Non-invasive prenatal test (NIPT)

Many couples would like to follow the development of their child as early as possible. As part of prenatal care, it is possible to have a screening test for trisomy 21 (Down syndrome), trisomy 18 (Edwards syndrome) and trisomy 13 (Pätau syndrome). Trisomies are chromosomal disorders (the corresponding chromosome is present three times instead of twice). In most cases, they are not hereditary, but arise spontaneously and more frequently at an older maternal age (from about 35 years) and can be detected early in pregnancy.

What is the non-invasive prenatal test?

NIPT is a screening procedure that provides evidence for the presence of the most common chromosomal disorders (trisomy 21, 18 and 13) in the unborn child. NIPT uses cell-free fetal DNA derived from exfoliated cells of the placenta that circulates in maternal blood. We use Illumina's CE-certified VeriSeq NIPT Solution v2 testing procedure. This is based on whole-genome next-generation sequencing (NGS).

What can be determined with the NIPT?

In addition to the trisomies mentioned above, if desired, a determination of the child's sex or an examination for anomalies of the sex chromosomes (Turner, triple X, Klinefelter, XYY syndrome) can also be performed.

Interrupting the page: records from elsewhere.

(* Let $s$ be an integer such that $3s^2-4s+4$ is a perfect square, let $F_s(t)= t^4 + (4s^3 - 4s^2 + 8s - 4)t^3 + (-6s^2 - 6)t^2 + 4t + 1$, and let $K_s$ be its splitting field over $\mathbb{Q}$. Put $$f=\frac{s+\sqrt{3s^2-4s+4}}{2},\qquad g=\frac{s-\sqrt{3s^2-4s+4}}{2}$$ (integers), and let $M$ be the linear fractional transformation $$M\theta=\frac{f\theta-1}{\frac{f^2+g^2}{2}\theta-g}.$$ Then $\mathrm{Gal}(K_s/\mathbb{Q})$ is cyclic of order $4$, $K_s=\mathbb{Q}(r)$ for any root $r$ of $F_s$, and there is a generator $\sigma$ of $\mathrm{Gal}(K_s/\mathbb{Q})$ such that $\sigma(r)=Mr$ for every root $r$ of $F_s$. *)

From HB Require Import structures.
From mathcomp Require Import all_boot all_order all_algebra all_fingroup all_solvable all_field.
Set Implicit Arguments. Unset Strict Implicit. Unset Printing Implicit Defensive.
Import GRing.Theory Num.Theory.
Local Open Scope ring_scope.

Definition Fs (s : int) : {poly rat} :=
  'X^4 + ((4 * s ^+ 3 - 4 * s ^+ 2 + 8 * s - 4)%:~R)%:P * 'X^3
  + ((- 6 * s ^+ 2 - 6)%:~R)%:P * 'X^2 + 4%:P * 'X + 1.

(* The Moebius map M theta = (f theta - 1) / (((f^2+g^2)/2) theta - g),
   with f = (s+m)/2, g = (s-m)/2, m = sqrt(3s^2-4s+4). *)
Definition Mf (L : fieldType) (s m : int) : L := (s + m)%:~R / 2.
Definition Mg (L : fieldType) (s m : int) : L := (s - m)%:~R / 2.
Definition Mden (L : fieldType) (s m : int) (x : L) : L :=
  (Mf L s m ^+ 2 + Mg L s m ^+ 2) / 2 * x - Mg L s m.
Definition Mmap (L : fieldType) (s m : int) (x : L) : L :=
  (Mf L s m * x - 1) / Mden s m x.

(* Write f, g = (s +- m)/2 and h = (f^2 + g^2)/2, so that M is the Moebius map of the matrix
   A = [[f, -1], [h, -g]].  Since m^2 = 3s^2 - 4s + 4, the homogenised quartic satisfies
   F(f x - 1, h x - g) = F(f, h) F(x, 1), so M maps roots of F_s to roots.  Moreover
   A^2 = (f - g) [[t, -1], [h, -t]] with t = (f + g)/2 has trace zero, so M^4 fixes every root,
   while a root fixed by M^2 would satisfy the rational quadratic (s^2 - s + 1) x^2 - s x + 1 = 0,
   which is impossible since F_s is irreducible (by Gauss's lemma and a look at integer
   factorisations).  Hence the four roots are r, Mr, M^2 r, M^3 r, they lie in Q(r) because M
   has rational coefficients, and the automorphism sending r to Mr commutes with M, acts as M
   on all roots and generates the Galois group, which is therefore cyclic of order 4. *)

From HB Require Import structures.
From mathcomp Require Import all_boot all_order all_algebra all_fingroup all_solvable all_field.
From mathcomp Require Import zify ring.

Set Implicit Arguments. Unset Strict Implicit. Unset Printing Implicit Defensive.
Import GRing.Theory Num.Theory.
Local Open Scope ring_scope.

Lemma int_mul_eq1 (x y : int) : x * y = 1 -> x = y /\ (x = 1 \/ x = -1).
Proof. by move=> h; case/orP: (intUnitRing.unitzPl h) => /eqP hy; subst y; lia. Qed.

Lemma sqr_int_neq3 (m : int) : m ^+ 2 != 3.
Proof.
apply/eqP => h; have : m <= -2 \/ -1 <= m <= 1 \/ 2 <= m by lia.
nia.
Qed.

Lemma int_sum_prod_neq (x y : int) : (x + y) ^+ 2 = 16 -> x * y = -4 -> False.
Proof.
move=> h1 h2; have : (x - y) ^+ 2 = 32 by nia.
have : x - y <= -6 \/ -5 <= x - y <= 5 \/ 6 <= x - y by lia.
nia.
Qed.

Lemma coefM_size3 (R : nzRingType) (p r : {poly R}) :
  (size p <= 3)%N -> (size r <= 3)%N ->
  [/\ (p * r)`_1 = p`_0 * r`_1 + p`_1 * r`_0,
      (p * r)`_2 = p`_0 * r`_2 + p`_1 * r`_1 + p`_2 * r`_0
    & (p * r)`_3 = p`_1 * r`_2 + p`_2 * r`_1].
Proof.
move=> size_p size_r; have p3 : p`_3 = 0 by rewrite nth_default.
have r3 : r`_3 = 0 by rewrite nth_default.
by rewrite !coefM !big_ord_recr !big_ord0 /= p3 r3 !subnn !subn0 mulr0 mul0r !add0r !addr0.
Qed.

Lemma size_quadratic (R : nzRingType) (a b c : R) :
  (size (a%:P * 'X ^+ 2 + b%:P * 'X + c%:P)%R <= 3)%N.
Proof.
apply/leq_sizeP => j j_ge3; rewrite !(coefD, coefCM, coefXn, coefX, coefC).
by case: j j_ge3 => [|[|[|j]]] //= _; rewrite !(mulr0, addr0).
Qed.

Section IntegerModel.
Variables s m : int.
Hypothesis hm : m ^+ 2 = 3 * s ^+ 2 - 4 * s + 4.

Lemma sqrt_disc_neq0 : m != 0.
Proof. by apply/eqP => m0; move: hm; rewrite m0; nia. Qed.

Definition Fa : int := 4 * s ^+ 3 - 4 * s ^+ 2 + 8 * s - 4.
Definition Fb : int := - 6 * s ^+ 2 - 6.
Definition Fint : {poly int} := ((('X + Fa%:P) * 'X + Fb%:P) * 'X + 4%:P) * 'X + 1%:P.

Lemma size_Fint : size Fint = 5%N.
Proof.
have XaddC_neq0 : ('X + Fa%:P == 0) = false by rewrite -size_poly_eq0 size_XaddC.
by rewrite /Fint !size_MXaddC size_XaddC XaddC_neq0 /= !andbF.
Qed.

Lemma coef_Fint : [/\ Fint`_0 = 1, Fint`_1 = 4, Fint`_2 = Fb, Fint`_3 = Fa & Fint`_4 = 1].
Proof. by rewrite /Fint !(coefD, coefMX, coefC, coefX) /=; split; ring. Qed.

Lemma Fa_eq_pm4 : Fa = 4 \/ Fa = -4 -> s = 0 \/ s = 1.
Proof.
rewrite /Fa => Fa4; have : s <= -1 \/ 2 <= s \/ s = 0 \/ s = 1 by lia.
by case=> [s_neg | [s_ge2 | //]]; nia.
Qed.

Lemma lead_coef_Fint : lead_coef Fint = 1.
Proof. by rewrite /lead_coef size_Fint; case: coef_Fint. Qed.

Lemma horner_Fint x : Fint.[x] = x ^+ 4 + Fa * x ^+ 3 + Fb * x ^+ 2 + 4 * x + 1.
Proof. by rewrite /Fint !hornerMXaddC hornerD hornerX hornerC; ring. Qed.

Lemma map_Fint : map_poly intr Fint = Fs s.
Proof.
apply/polyP => i; rewrite coef_map /= /Fint /Fs.
rewrite !(coefD, coefMX, coefC, coefX, coefCM, coefXn) /=.
by case: i => [|[|[|[|[|i]]]]] /=; rewrite /Fa /Fb !(add0r, addr0, mulr0, mulr1).
Qed.

Lemma Fint_pm1_neq0 (x : int) : x = 1 \/ x = -1 -> Fint.[x] != 0.
Proof.
rewrite horner_Fint /Fa /Fb => -[] ->; apply/eqP => h.
  have : s <= 0 \/ s = 1 \/ s = 2 \/ 3 <= s by lia.
  nia.
have : (2 * s + 1) * (s ^+ 2 + 2) = 0.
  by apply: (mulfI (_ : -2 != 0)) => //; rewrite mulr0 -[RHS]h; ring.
by move/eqP; rewrite mulf_eq0 => /orP[] /eqP; lia.
Qed.

Lemma Fint_no_linear_factor (p r : {poly int}) : Fint = p * r -> size p != 2%N.
Proof.
move=> Fpr; apply/eqP => size_p.
have [_ p1_unit] : p`_1 = lead_coef r /\ (p`_1 = 1 \/ p`_1 = -1).
  have lead_p : lead_coef p = p`_1 by rewrite /lead_coef size_p.
  by apply: int_mul_eq1; rewrite -lead_coef_Fint Fpr lead_coefM lead_p.
have [_ p0_unit] : p`_0 = r`_0 /\ (p`_0 = 1 \/ p`_0 = -1).
  by apply: int_mul_eq1; rewrite -coef0M -Fpr; case: coef_Fint.
have horner_p x : p.[x] = p`_0 + p`_1 * x.
  by rewrite horner_coef size_p !big_ord_recl big_ord0 /= expr0 mulr1 expr1 addr0.
have p_root : p.[- p`_0 * p`_1] = 0.
  by rewrite horner_p; case: p0_unit => ->; case: p1_unit => ->; ring.
suff : Fint.[- p`_0 * p`_1] != 0 by rewrite Fpr hornerM p_root mul0r eqxx.
apply: Fint_pm1_neq0.
by case: p0_unit => ->; case: p1_unit => ->; [right | left | left | right]; ring.
Qed.

Lemma Fint_no_quadratic_factor (p r : {poly int}) :
  Fint = p * r -> size p = 3%N -> size r = 3%N -> False.
Proof.
(* The units p`_0 = r`_0 and p`_2 = r`_2 make the coefficients of 'X and 'X^3 equal to
   +-(p`_1 + r`_1), so Fa = +-4 and s is 0 or 1; s = 1 would make 3 a square, and s = 0
   leaves p`_1 + r`_1 = +-4 with p`_1 * r`_1 = -4. *)
move=> Fpr size_p size_r.
have [_ c1 c2 c3 _] := coef_Fint.
have [e1 e2 e3] := coefM_size3 (eq_leq size_p) (eq_leq size_r).
rewrite -Fpr c1 in e1; rewrite -Fpr c2 in e2; rewrite -Fpr c3 in e3.
have [p0E p0_unit] : p`_0 = r`_0 /\ (p`_0 = 1 \/ p`_0 = -1).
  by apply: int_mul_eq1; rewrite -coef0M -Fpr; case: coef_Fint.
have [p2E p2_unit] : p`_2 = r`_2 /\ (p`_2 = 1 \/ p`_2 = -1).
  have lead_p : lead_coef p = p`_2 by rewrite /lead_coef size_p.
  have lead_r : lead_coef r = r`_2 by rewrite /lead_coef size_r.
  by apply: int_mul_eq1; rewrite -lead_p -lead_r -lead_coefM -Fpr lead_coef_Fint.
rewrite -p0E -p2E in e1 e2 e3; move: e1 e2 e3.
move: (p`_0) (p`_1) (p`_2) (r`_1) p0_unit p2_unit => p0 p1 p2 r1 p0_unit p2_unit e1 e2 e3.
have [s0 | s1] : s = 0 \/ s = 1.
  by apply: Fa_eq_pm4; case: p0_unit => p0E'; case: p2_unit => p2E'; subst; lia.
- move: e1 e2 e3; rewrite /Fa /Fb s0 => e1 e2 e3.
  by apply: (@int_sum_prod_neq p1 r1); case: p0_unit => p0E'; case: p2_unit => p2E'; subst; nia.
- by apply/eqP: (@sqr_int_neq3 m); rewrite hm s1.
Qed.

When can NIPT be performed?

The test can be performed from the 11th week of pregnancy (10+0 p.m.).

What does the NIPT cost?

Since 01.07.2022, the costs for the examination for trisomies 21, 18 and 13 are covered by the German health insurances in justified cases; the additional examinations are self-pay services.

How safe is the NIPT?

The sensitivities (detection rates) for trisomy 21, 18 and 13 are about 90-100%, for the maldistribution of sex chromosomes about 90-92%. The false positive rate is 0.1%. Possible causes of false-positive results include placental amosaics (approximately 2% of pregnancies), "vanishing twin," chromosomal abnormalities, and maternal malignancies.An abnormal result in the NIPT should always be verified by invasive diagnostics.

What are the limitations of the method?

It is useful to combine NIPT with early malformation ultrasound at 12-13 weeks of gestation to detect developmental abnormalities and malformations not detected by NIPT as early as possible. NIPT cannot replace conventional chromosomal analysis, and an unremarkable NIPT does not rule out fetal malformations.